- Opening Delimiter -

Lemma socle_maximal_step X M y : socle_maximal X M -> M (y *+ p) ->
  exists2 a, M a & socle p (y - a).
Proof.
move=> [sM MX Mmax] My; have [/Mmax My'|] := pselect (socle_in (sumg M (multiples y)) X).
  by exists y => //; rewrite subrr /socle mul0rn.
move/existsNP => [_ /not_implyP[[m [_ [Mm [c ->] ->]]] /not_implyP[g_soc g_notX]]].
have p_c : ~~ (p %| c)%N.
  apply/negP => /dvdnP[q def_c]; apply/g_notX/MX => //; apply: (subgD sM Mm).
  by rewrite def_c mulnC mulrnA; apply: subgMn q sM My.
have [d def_d] := coprime_mulrn_inv G p_pr N p_c.
exists (- (m *+ d)); first exact: subgN sM (subgMn d sM Mm).
have -> : y - - (m *+ d) = (m + y *+ c) *+ d.
  by rewrite opprK mulrnDl -mulrnA def_d // addrC.
by rewrite /socle -mulrnA mulnC mulrnA g_soc mul0rn.
Qed.

Lemma socle_complement X Y Z0 : is_subgroup X -> is_subgroup Y ->
  (forall y, Y y -> socle p y) -> is_subgroup Z0 ->
  (forall z, Z0 z -> Y z /\ (X z -> z = 0)) ->
  exists Z, [/\ is_subgroup Z, forall z, Z0 z -> Z z,
    forall z, Z z -> Y z /\ (X z -> z = 0) & forall y, Y y -> sumg X Z y].
Proof.
move=> sX sY Ysoc sZ0 Z0YX.
have [Z [[sZ ZYX] Z0Z Zmax]] := zorn_above (chain_closedI subgroup_chain_closed
  (subset_chain_closed (fun z => Y z /\ (X z -> z = 0)))) (conj sZ0 Z0YX).
exists Z; split => // y Yy; apply: contrapT => y_notXZ.
have sy := multiples_subgroup (prime_gt0 p_pr) (Ysoc y Yy).
have ZZy z : Z z -> sumg Z (multiples y) z by apply: sumgl sy.
suff Zy : Z y by apply: y_notXZ; apply: sumgr.
apply: (Zmax _ (conj (sumg_subgroup sZ sy) _) ZZy); last exact: sumgr sZ (multiples_id y).
move=> _ [z [_ [Zz [c ->] ->]]]; have [Yz Xz] := ZYX z Zz.
split=> [|X_zyc]; first exact: subgD sY Yz (subgMn c sY Yy).
have [p_c|p_c] := boolP (p %| c)%N.
  by rewrite (mulrn_dvdn_eq0 (Ysoc y Yy) p_c) addr0 in X_zyc *; apply: Xz.
(* otherwise [y] is a multiple of [z + y *+ c] modulo [Z] *)
have [d def_d] := coprime_mulrn_inv G p_pr 1 p_c.
case: y_notXZ; exists ((z + y *+ c) *+ d), (- (z *+ d)); split.
- exact: subgMn d sX X_zyc.
- exact: subgN sZ (subgMn d sZ Zz).
- by rewrite mulrnDl -mulrnA def_d ?expn1 ?Ysoc // addrC addKr.
Qed.

End MaximalSocle.

Section UlmSummands.
Variables (p k : nat) (G : zmodType).
Hypotheses (p_pr : prime p) (G_ulm : ulm_supported p k G).
Implicit Types (V W A B H M X : G -> Prop) (g : G).

Let bound : forall g : G, g *+ p ^ k.+2 = 0 := proj1 G_ulm.
Let socle_pmul : forall s : G, socle p s -> pmul p k s := proj2 G_ulm.

(* Descending induction on the exponent at which a preimage of [v] under [p ^ e] lands
   in [M]: [socle_maximal_step] and [G[p] <= p ^ k G] correct the preimage by an
   element killed by [p ^ e]. *)
Lemma socle_maximal_pmul X M e v : socle_maximal p X M -> (e <= k.+1)%N ->
  M v -> pmul p e v -> exists2 a, M a & v = a *+ p ^ e.
Proof.
move=> M_max e_le Mv [x def_v].
suff /(_ e (leqnn e))[y [def_v' My]] : forall j, (j <= e)%N ->
    exists y, y *+ p ^ e = v /\ M (y *+ p ^ (e - j)).
  by exists y; [rewrite subnn expn0 mulr1n in My | rewrite def_v'].
elim=> [|j IHj] j_lt; first by exists x; rewrite subn0 -def_v.
have [y [def_v' My]] := IHj (ltnW j_lt).
have def_e : (e - j = (e - j.+1).+1)%N by rewrite subnSK.
have def_ei : (e = (e - j.+1) + j.+1)%N by rewrite subnK.
set i := (e - j.+1)%N in def_e def_ei *.
have i_le : (i <= k)%N by rewrite /i leq_subLR (leq_trans e_le) // addSnnS leq_addl.
have Myi : M (y *+ p ^ i *+ p) by rewrite -mulrnA -expnSr -def_e.
have [a Ma a_soc] := socle_maximal_step p_pr bound M_max Myi.
have [t def_s] := pmulW i_le (socle_pmul a_soc).
exists (y - t); split; last by rewrite mulrnBl -def_s opprB addrC subrK.
by rewrite mulrnBl def_v' def_ei expnD mulrnA -def_s expnS mulrnA a_soc mul0rn subr0.
Qed.

Definition height_split V W := forall m s, (m <= k.+1)%N -> socle p s -> pmul p m s ->
  exists v w, [/\ V v /\ pmul p m v, W w /\ pmul p m w & s = v + w].

Lemma exists_height_split V : is_subgroup V -> (forall g, V g -> socle p g) ->
  exists W, [/\ is_subgroup W, forall g, W g -> socle p g,
    forall g, V g -> W g -> g = 0 & height_split V W].
Proof.
move=> sV Vsoc; pose Y1 g := socle p g /\ pmul p k.+1 g.
have sY1 : is_subgroup Y1 := subgroupI (socle_subgroup p G) (pmul_subgroup p G k.+1).
have Y1_0 z : z = 0 -> Y1 z /\ (V z -> z = 0) by move=> ->; split => //; apply: subg0.
have [W1 [sW1 _ W1Y1V Y1VW1]] :=
  socle_complement p_pr sV sY1 (fun _ => @proj1 _ _) (subgroup0 G) Y1_0.
have W1socV z : W1 z -> socle p z /\ (V z -> z = 0) by case/W1Y1V => -[].
(* [W] extends a complement [W1] of [V] in [Y1] to a complement of [V] in [G[p]] *)
have [W [sW W1W WsocV socVW]] :=
  socle_complement p_pr sV (socle_subgroup p G) (fun _ => id) sW1 W1socV.
exists W; split => // [g /WsocV[] // | g Vg Wg | m s m_le s_soc].
  exact: (proj2 (WsocV g Wg)) Vg.
have [m_lt|m_eq] : (m <= k)%N \/ m = k.+1.
  by move: m_le; rewrite leq_eqVlt ltnS => /orP[/eqP|]; [right|left].
- move=> _; have [v [w [Vv Ww def_s]]] := socVW s s_soc.
  have w_soc := proj1 (WsocV w Ww).
  exists v, w; split => //; split => //.
    exact: pmulW m_lt (socle_pmul (Vsoc v Vv)).
  exact: pmulW m_lt (socle_pmul w_soc).
- rewrite m_eq => s_pmul; have [v [w [Vv W1w def_s]]] := Y1VW1 s (conj s_soc s_pmul).
  have [[_ w_pmul] _] := W1Y1V w W1w.
  exists v, w; split => //; last by split => //; apply: W1W.
  split => //; rewrite (_ : v = s - w); last by rewrite def_s addrK.
  exact: subgB (pmul_subgroup p G k.+1) s_pmul w_pmul.
Qed.

Lemma socle_maximal_direct_sum V W A B :
  is_subgroup V -> is_subgroup W -> (forall g, V g -> socle p g) ->
  (forall g, W g -> socle p g) -> (forall g, V g -> W g -> g = 0) -> height_split V W ->
  socle_maximal p V A -> socle_maximal p W B -> direct_summand A.
Proof.
move=> sV sW Vsoc Wsoc VW VW_split A_max B_max.
have VA := socle_maximal_ge A_max sV Vsoc; have WB := socle_maximal_ge B_max sW Wsoc.
have [[sA AV _] [sB BW _]] := (A_max, B_max).
have AB g : A g -> B g -> g = 0.
  move=> Ag Bg; apply: contrapT => g_neq0.
  have [j [gj_neq0 gj_soc]] := exists_socle_multiple (bound g) g_neq0.
  by apply/gj_neq0/VW; [apply: AV gj_soc | apply: BW gj_soc]; apply: subgMn.
split=> //; exists B; split=> //; split=> // g.
suff gen : forall m g, g *+ p ^ m = 0 -> exists a b, A a /\ B b /\ g = a + b.
  exact: gen (bound g).
elim=> [|m IHm] {}g gm.
  rewrite expn0 mulr1n in gm; exists 0, 0; rewrite gm addr0.
  by split; [apply: subg0 | split; [apply: subg0|]].
have [m_gt|m_le] := ltnP k.+1 m.
  by apply: IHm; apply: mulrn_dvdn_eq0 (bound g) (dvdn_exp2l p m_gt).
have gm_soc : socle p (g *+ p ^ m) by rewrite /socle -mulrnA -expnSr.
have gm_pmul : pmul p m (g *+ p ^ m) by exists g.
have [v [w [[Vv v_pmul] [Ww w_pmul] def_s]]] := VW_split m _ m_le gm_soc gm_pmul.
have [a0 Aa0 def_v] := socle_maximal_pmul A_max m_le (VA v Vv) v_pmul.
have [b0 Bb0 def_w] := socle_maximal_pmul B_max m_le (WB w Ww) w_pmul.
have [a [b [Aa [Bb def_g]]]] : exists a b, A a /\ B b /\ g - (a0 + b0) = a + b.
  by apply: IHm; rewrite mulrnBl mulrnDl -def_v -def_w -def_s subrr.
exists (a0 + a), (b0 + b); split; first exact: subgD.
split; first exact: subgD.
by rewrite addrACA -def_g addrC subrK.
Qed.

- Closing Delimiter -

● WORK TASK: Using the data above, show each line where "conj" occurs.

● RESULT:
  (subset_chain_closed (fun z => Y z /\ (X z -> z = 0)))) (conj sZ0 Z0YX).
apply: (Zmax _ (conj (sumg_subgroup sZ sy) _) ZZy); last exact: sumgr sZ (multiples_id y).
- rewrite m_eq => s_pmul; have [v [w [Vv W1w def_s]]] := Y1VW1 s (conj s_soc s_pmul).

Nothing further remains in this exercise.